So basically what I learned is:

don't use model.fit_generator() anymore
don't call Dataset.from_generator() separately
just use model.fit() and pass the generator directly into it.

Thanks so much for everything!

(As a side note for anyone else reading: the validation_data argument in model.fit() can also take a generator directly as input)

robieta · 2019-10-07T23:09:08Z

Excellent! I'm planning on just aliasing (fit / evaluate / predict)_generator to (fit / evaluate / predict), as those methods are now strictly superior.

Raukk · 2019-10-08T01:58:35Z

I have ran the Colab's I posted on version 1.15.0-rc2 and got the exact same results as on version 1.14.0 for performance.

On version 2.0.0 I get comparable performance when I use model.fit( instead of model.fit_generator( OR if I use tf.compat.v1.disable_eager_execution().
Switching to model.fit( is the solution I will use for all my code.

I vote that .fit_generator( become an Alias for .fit( because that would resolve the performance issues without breaking any existing examples (and allowing those examples to work on all versions of TF).

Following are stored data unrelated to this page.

(* Assume $\|\hat F'(y)-\hat F'(x)\|_F\le L_{\hat F}\|y-x\|$ for all $x,y\in\mathcal F$ and $\sigma_{\min}(\hat F'(x)^* )\ge\sqrt\mu$ for all $x\in\mathcal F$, some $\mu>0$. Then for the sequence $\{x_k\}$ generated by Scheme 2: $$\hat f_1(x_{k+1})\le\varepsilon_k+\begin{cases}\frac{L_{\hat F}}{\mu}\hat f_2(x_k)\le\frac12\hat f_1(x_k),&\text{if }\hat f_1(x_k)\le\frac{\mu}{2L_{\hat F}},\\ \hat f_1(x_k)-\frac{\mu}{4L_{\hat F}},&\text{otherwise}.\end{cases}$$ If $L_k=L_{\hat F}$ is fixed while generating the sequence, then $$\hat f_1(x_{k+1})\le\varepsilon_k+\begin{cases}\frac{L_{\hat F}}{2\mu}\hat f_2(x_k)\le\frac12\hat f_1(x_k),&\text{if }\hat f_1(x_k)\le\frac{\mu}{L_{\hat F}},\\ \hat f_1(x_k)-\frac{\mu}{2L_{\hat F}},&\text{otherwise}.\end{cases}$$
   Context: Let $F:\mathbb R^n\to\mathbb R^m$ be smooth, $\hat F=\frac1{\sqrt m}F$ with Jacobian $\hat F'(x)$ and transpose $\hat F'(x)^*$; Euclidean norms, $\|\cdot\|_F$ Frobenius norm. $\hat f_1(x)=\|\hat F(x)\|$, $\hat f_2=\hat f_1^2$, $\phi(x,y)=\|\hat F(x)+\hat F'(x)(y-x)\|$, $\psi_{x,L,\tau}(y)=\frac\tau2+\frac{\phi(x,y)^2}{2\tau}+\frac L2\|y-x\|^2$, $T_{L,\tau}(x)=\arg\min_y\psi_{x,L,\tau}(y)$, $\mathcal T_L(x)=\arg\min_{\tau>0}\psi_{x,L,\tau}(T_{L,\tau}(x))$. $\mathcal F$ closed convex with nonempty interior, $\mathcal L(\hat f_1(x_0))\subseteq\mathcal F$ and the generated sequence stays in $\mathcal F$. Scheme 2 (input $x_0$; a rule choosing $\varepsilon_k\ge0$; $L\in(0,L_{\hat F}]$, $L_0=L$; a map $\mathcal X(x,L,\tau)$ approximating $T_{L,\tau}(x)$). For $k=0,1,\dots$: choose $\varepsilon_k$; find $\tau_k^*>0$ with $\psi_{x_k,L_k,\tau_k^*}(\mathcal X(x_k,L_k,\tau_k^* ))-\psi_{x_k,L_k,\mathcal T_{L_k}(x_k)}(T_{L_k,\mathcal T_{L_k}(x_k)}(x_k))\le\varepsilon_k$ and $\hat f_1(x_k)\ge\psi_{x_k,L_k,\tau_k^*}(\mathcal X(x_k,L_k,\tau_k^* ))$; set $x_{k+1}=\mathcal X(x_k,L_k,\tau_k^* )$; if $\hat f_1(x_{k+1})>\psi_{x_k,L_k,\tau_k^*}(x_{k+1})$, set $L_k:=\min\{2L_k,2L_{\hat F}\}$ and redo the search for $\tau_k^*$; otherwise $L_{k+1}=\max\{L_k/2,L\}$. *)

From HB Require Import structures.
From mathcomp Require Import all_boot all_order all_algebra.
From mathcomp Require Import all_classical all_reals all_analysis.
Set Implicit Arguments. Unset Strict Implicit. Unset Printing Implicit Defensive.
Import Order.TTheory GRing.Theory Num.Theory.
Import numFieldNormedType.Exports.
Local Open Scope classical_set_scope.
Local Open Scope ring_scope.

Section GaussNewton.
Variable R : realType.

Definition enorm (n : nat) (v : 'cV[R]_n) : R :=
  Num.sqrt (\sum_(i < n) v i 0 ^+ 2).

Definition frob (m n : nat) (A : 'M[R]_(m, n)) : R :=
  Num.sqrt (\sum_(i < m) \sum_(j < n) A i j ^+ 2).

Definition sigma_min (q p : nat) (A : 'M[R]_(q, p)) : R :=
  inf [set enorm (A *m u) | u in [set u : 'cV[R]_p | enorm u = 1]].

Variables (n m : nat).
Variable F : 'cV[R]_n -> 'cV[R]_m.
Variable J : 'cV[R]_n -> 'M[R]_(m, n).

Definition Fhat (x : 'cV[R]_n) : 'cV[R]_m := (Num.sqrt (m%:R))^-1 *: F x.
Definition Jhat (x : 'cV[R]_n) : 'M[R]_(m, n) := (Num.sqrt (m%:R))^-1 *: J x.

Definition f1 (x : 'cV[R]_n) : R := enorm (Fhat x).
Definition f2 (x : 'cV[R]_n) : R := f1 x ^+ 2.

Definition phi (x y : 'cV[R]_n) : R := enorm (Fhat x + Jhat x *m (y - x)).

Definition psi (x : 'cV[R]_n) (L tau : R) (y : 'cV[R]_n) : R :=
  tau / 2 + phi x y ^+ 2 / (2 * tau) + L / 2 * enorm (y - x) ^+ 2.

(* optimal value psi_{x,L,T_L(x)}(T_{L,T_L(x)}(x)) = inf over tau > 0 and y *)
Definition psi_opt (x : 'cV[R]_n) (L : R) : R :=
  inf [set r | exists tau y, 0 < tau /\ r = psi x L tau y].

Definition level_set (c : R) : set 'cV[R]_n := [set x | f1 x <= c].

Definition convex_set_E (S : set 'cV[R]_n) : Prop :=
  forall x y (t : R), S x -> S y -> 0 <= t <= 1 -> S (t *: x + (1 - t) *: y).

(* One successful search for tau^*: with weight Lc, tau^* = tau is found *)
Definition tau_search_ok (X : 'cV[R]_n -> R -> R -> 'cV[R]_n) (eps : R)
    (x : 'cV[R]_n) (Lc tau : R) : Prop :=
  0 < tau /\
  psi x Lc tau (X x Lc tau) - psi_opt x Lc <= eps /\
  psi x Lc tau (X x Lc tau) <= f1 x.

Definition Ldouble (LF : R) (i : nat) (L0 : R) : R :=
  iter i (fun l => Num.min (2 * l) (2 * LF)) L0.

Definition Linit (L : R) (Lk : nat -> R) (k : nat) : R :=
  if k is k'.+1 then Num.max (Lk k' / 2) L else L.

(* (x, Lk, tau) is a run of Scheme 2 with inputs x0, eps, L, LF, X:
   Lk k and tau k are the accepted weight and tau^* at iteration k. *)
Definition scheme2 (x0 : 'cV[R]_n) (eps : nat -> R) (L LF : R)
    (X : 'cV[R]_n -> R -> R -> 'cV[R]_n)
    (x : nat -> 'cV[R]_n) (Lk : nat -> R) (tau : nat -> R) : Prop :=
  x 0%N = x0 /\
  forall k : nat,
    0 <= eps k /\
    (exists j : nat,
        Lk k = Ldouble LF j (Linit L Lk k) /\
        (* the j earlier attempts were all rejected *)
        (forall i : nat, (i < j)%N ->
           exists t, tau_search_ok X (eps k) (x k) (Ldouble LF i (Linit L Lk k)) t /\
             f1 (X (x k) (Ldouble LF i (Linit L Lk k)) t) >
             psi (x k) (Ldouble LF i (Linit L Lk k)) t
                 (X (x k) (Ldouble LF i (Linit L Lk k)) t))) /\
    tau_search_ok X (eps k) (x k) (Lk k) (tau k) /\
    x k.+1 = X (x k) (Lk k) (tau k) /\
    f1 (x k.+1) <= psi (x k) (Lk k) (tau k) (x k.+1).

Definition scheme2_fixed (x0 : 'cV[R]_n) (eps : nat -> R) (LF : R)
    (X : 'cV[R]_n -> R -> R -> 'cV[R]_n)
    (x : nat -> 'cV[R]_n) (Lk : nat -> R) (tau : nat -> R) : Prop :=
  x 0%N = x0 /\
  forall k : nat,
    0 <= eps k /\ (Lk k = LF) /\
    tau_search_ok X (eps k) (x k) (Lk k) (tau k) /\
    x k.+1 = X (x k) (Lk k) (tau k).

End GaussNewton.

From HB Require Import structures.
From mathcomp Require Import all_boot all_order all_algebra.
From mathcomp Require Import all_classical all_reals all_analysis.
From mathcomp Require Import ring lra.
Import Order.TTheory GRing.Theory Num.Theory.
Import numFieldNormedType.Exports.
Local Open Scope classical_set_scope.
Local Open Scope ring_scope.
Set Implicit Arguments. Unset Strict Implicit. Unset Printing Implicit Defensive.

(* If h solves the Gauss-Newton equation Jhat x h = - Fhat x, the bound on the
   smallest singular value gives mu |h|^2 <= f1 x ^ 2, so evaluating the
   proximal model at x + t h shows
     psi_opt x L <= (1 - t) f1 x + L / (2 mu) t^2 f1 x ^ 2   for t in [0, 1];
   taking t = 1 or t = mu / (L f1 x) gives the two regimes.  The new iterate
   satisfies f1 x' <= eps + psi_opt x L_k: in the adaptive scheme by the
   acceptance test, with L_k <= 2 L_F; with L_k = L_F fixed because the
   Lipschitz Jacobian bounds the linearization error by L_F / 2 |x' - x|^2,
   which makes psi an upper bound of f1. *)

Section Euclidean.
Variable R : realType.

Lemma sqr_sum_mul_le k (a b : 'I_k -> R) :
  (\sum_i a i * b i) ^+ 2 <= (\sum_i a i ^+ 2) * (\sum_i b i ^+ 2).
Proof.
rewrite -subr_ge0.
pose x i j := a i ^+ 2 * b j ^+ 2 - a i * b i * (a j * b j).
have gapE : (\sum_i a i ^+ 2) * (\sum_i b i ^+ 2) - (\sum_i a i * b i) ^+ 2
            = \sum_i \sum_j x i j.
  rewrite expr2 !mulr_suml -sumrB; apply: eq_bigr => i _.
  by rewrite !mulr_sumr -sumrB; apply: eq_bigr => j _; rewrite /x; ring.
have symE : \sum_i \sum_j (x i j + x j i) = (\sum_i \sum_j x i j) *+ 2.
  rewrite (eq_bigr (fun i => \sum_j x i j + \sum_j x j i)) => [|i _]; last first.
    by rewrite big_split.
  by rewrite big_split /= [X in _ + X]exchange_big /= mulr2n.
rewrite gapE -(pmulrn_lge0 _ (isT : 0 < 2)%N) -symE.
apply: sumr_ge0 => i _; apply: sumr_ge0 => j _.
have -> : x i j + x j i = (a i * b j - a j * b i) ^+ 2 by rewrite /x; ring.
exact: sqr_ge0.
Qed.

Lemma ler_of_sqr (a b : R) : 0 <= b -> a ^+ 2 <= b ^+ 2 -> a <= b.
Proof. by move=> b0 ab; nra. Qed.

Definition dotv k (u v : 'cV[R]_k) : R := \sum_i u i 0 * v i 0.

Lemma enorm_ge0 k (v : 'cV[R]_k) : 0 <= enorm v.
Proof. exact: sqrtr_ge0. Qed.

Lemma enorm_sqr_sum k (v : 'cV[R]_k) : enorm v ^+ 2 = \sum_i v i 0 ^+ 2.
Proof. by rewrite sqr_sqrtr // sumr_ge0 // => i _; rewrite sqr_ge0. Qed.

Lemma enorm_sqr k (v : 'cV[R]_k) : enorm v ^+ 2 = dotv v v.
Proof. by rewrite enorm_sqr_sum; apply: eq_bigr => i _; rewrite expr2. Qed.

Lemma dotv_le k (u v : 'cV[R]_k) : dotv u v <= enorm u * enorm v.
Proof.
apply: ler_of_sqr; first by rewrite mulr_ge0 ?enorm_ge0.
by rewrite exprMn !enorm_sqr_sum; apply: sqr_sum_mul_le.
Qed.

Lemma dotvB k (r u v : 'cV[R]_k) : dotv r (u - v) = dotv r u - dotv r v.
Proof. by rewrite /dotv -sumrB; apply: eq_bigr => i _; rewrite !mxE; ring. Qed.

Lemma dotv_linear k (r : 'cV[R]_k) : linear (dotv r).
Proof.
move=> a u v; rewrite /dotv /GRing.scale /= mulr_sumr -big_split /=.
by apply: eq_bigr => i _; rewrite !mxE; ring.
Qed.

Lemma continuous_dotv k (r : 'cV[R]_k) : continuous (dotv r).
Proof.
move=> z.
rewrite (_ : dotv r = \sum_(i < k) (fun v : 'cV[R]_k => r i 0 * v i 0)); last first.
  by rewrite fct_sumE; apply/funext.
apply: (big_ind (fun f => {for z, continuous f})) => [|f g|i _].
- exact: cst_continuous.
- exact: continuousD.
- apply: (@continuousM _ _ (cst (r i 0)) (fun v : 'cV[R]_k => v i 0)).
  + exact: cst_continuous.
  + exact: coord_continuous.
Qed.

Lemma dotv_trmx k (u v : 'cV[R]_k) : dotv u v = (u^T *m v) 0 0.
Proof. by rewrite mxE; apply: eq_bigr => i _; rewrite mxE. Qed.

Lemma enorm_eq0 k (v : 'cV[R]_k) : enorm v = 0 -> v = 0.
Proof.
move=> v0; have : enorm v ^+ 2 = 0 by rewrite v0 expr0n.
rewrite enorm_sqr_sum => /psumr_eq0P vi0.
apply/matrixP => i j; rewrite (ord1 j) mxE.
by apply/eqP; rewrite -sqrf_eq0; apply/eqP/vi0 => // l _; rewrite sqr_ge0.
Qed.

Lemma enormZ k (c : R) (v : 'cV[R]_k) : enorm (c *: v) = `|c| * enorm v.
Proof.
rewrite /enorm -sqrtr_sqr -sqrtrM ?sqr_ge0 //; congr Num.sqrt.
by rewrite mulr_sumr; apply: eq_bigr => i _; rewrite mxE exprMn.
Qed.

Lemma enormN k (v : 'cV[R]_k) : enorm (- v) = enorm v.
Proof. by rewrite -scaleN1r enormZ normrN normr1 mul1r. Qed.

Lemma enormD k (u v : 'cV[R]_k) : enorm (u + v) <= enorm u + enorm v.
Proof.
apply: ler_of_sqr; first by rewrite addr_ge0 ?enorm_ge0.
have -> : enorm (u + v) ^+ 2 = enorm u ^+ 2 + 2 * dotv u v + enorm v ^+ 2.
  rewrite !enorm_sqr_sum /dotv mulr_sumr -!big_split /=.
  by apply: eq_bigr => i _; rewrite mxE; ring.
by have := dotv_le u v; nra.
Qed.

Lemma enorm_mulmx_le p k (A : 'M[R]_(p, k)) (v : 'cV[R]_k) :
  enorm (A *m v) <= frob A * enorm v.
Proof.
apply: ler_of_sqr; first by rewrite mulr_ge0 ?enorm_ge0 ?sqrtr_ge0.
rewrite exprMn !enorm_sqr_sum /frob sqr_sqrtr; last first.
  by apply: sumr_ge0 => i _; apply: sumr_ge0 => j _; rewrite sqr_ge0.
rewrite mulr_suml; apply: ler_sum => i _.
by rewrite mxE; apply: (sqr_sum_mul_le (fun j => A i j) (fun j => v j 0)).
Qed.

End Euclidean.

Section SingularValues.
Variables (R : realType) (q p : nat).

Lemma sigma_min_le_enorm (A : 'M[R]_(q, p)) (c : R) (u : 'cV[R]_p) :
  c <= sigma_min A -> c * enorm u <= enorm (A *m u).
Proof.
move=> c_le; have [->|u_neq0] := eqVneq (enorm u) 0.
  by rewrite mulr0 enorm_ge0.
have u_gt0 : 0 < enorm u by rewrite lt_def u_neq0 enorm_ge0.
have A_lbound :
    has_lbound [set enorm (A *m u) | u in [set u : 'cV[R]_p | enorm u = 1]].
  by exists 0 => _ [v _ <-]; exact: enorm_ge0.
have : sigma_min A <= enorm (A *m ((enorm u)^-1 *: u)).
  apply: (ge_inf A_lbound); exists ((enorm u)^-1 *: u) => //=.
  by rewrite enormZ ger0_norm ?invr_ge0 ?enorm_ge0 // mulVf.
rewrite -scalemxAr enormZ ger0_norm ?invr_ge0 ?enorm_ge0 // => /(le_trans c_le).
by rewrite -ler_pdivlMr // mulrC.
Qed.

Lemma unitmx_mul_trmx (A : 'M[R]_(q, p)) (c : R) : 0 < c ->
  (forall u, c * enorm u <= enorm (A^T *m u)) -> A *m A^T \in unitmx.
Proof.
move=> c_gt0 A_bound; rewrite unitmxE unitfE.
apply/negP => /det0P [r r_neq0 rAA].
have Ar0 : enorm (A^T *m r^T) = 0.
  apply/eqP; rewrite -sqrf_eq0 enorm_sqr dotv_trmx trmx_mul !trmxK.
  by rewrite !mulmxA -(mulmxA r) rAA mul0mx mxE.
have /enorm_eq0 : enorm r^T = 0.
  by apply/le_anti; rewrite enorm_ge0 andbT -(pmulr_rle0 _ c_gt0) -Ar0 A_bound.
by move/(congr1 trmx); rewrite trmxK trmx0 => r0; rewrite r0 eqxx in r_neq0.
Qed.

Lemma exists_preimage_enorm_le (A : 'M[R]_(q, p)) (mu : R) : 0 < mu ->
  (forall u, Num.sqrt mu * enorm u <= enorm (A^T *m u)) ->
  forall v, exists h, A *m h = v /\ mu * enorm h ^+ 2 <= enorm v ^+ 2.
Proof.
move=> mu_gt0 A_bound v.
have AA_unit : A *m A^T \in unitmx.
  by apply: (unitmx_mul_trmx _ A_bound); rewrite sqrtr_gt0.
pose w := invmx (A *m A^T) *m v.
exists (A^T *m w); split; first by rewrite mulmxA mulKVmx.
have hw : enorm (A^T *m w) ^+ 2 = dotv w v.
  by rewrite enorm_sqr !dotv_trmx trmx_mul trmxK -!mulmxA (mulmxA A) mulKVmx.
have := dotv_le w v; rewrite -hw.
have := A_bound w; have := enorm_ge0 w; have := enorm_ge0 v.
have := sqr_sqrtr (ltW mu_gt0); have := sqrtr_ge0 mu.
set s := Num.sqrt mu; set a := enorm w; set b := enorm v; set H := enorm _.
move=> s0 <- b0 a0 saH H2ab.
have sH2 : s * H ^+ 2 <= H * b by nra.
(* b^2 - s^2 H^2 = (b - s H)^2 + 2 s (H b - s H^2) *)
have := sqr_ge0 (b - s * H); move: sH2; rewrite -subr_ge0 => /(mulr_ge0 s0); nra.
Qed.

End SingularValues.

I'm sure .fit_generator( will go away eventually, but since TF 2.0 just released, I'd want to keep it backwards compatible (especially for writing examples).

max1mn · 2019-10-08T06:25:32Z

Hello everyone!

I have the same problem and was looking on a solution. I was also using fit_generator but on a Sequence class. The proposed change to simply use fit method is giving me errors, is there some workaround in sequence class case? I'm using tf 2.0.0

`
class LSTMSequence(Sequence):

def __init__(self, x, subnet_x, y, batch_size):
    self.batch_size = batch_size
    self.x, self.subnet_x, self.y = x, subnet_x, y

def __len__(self):
    return math.ceil(len(self.x) / self.batch_size)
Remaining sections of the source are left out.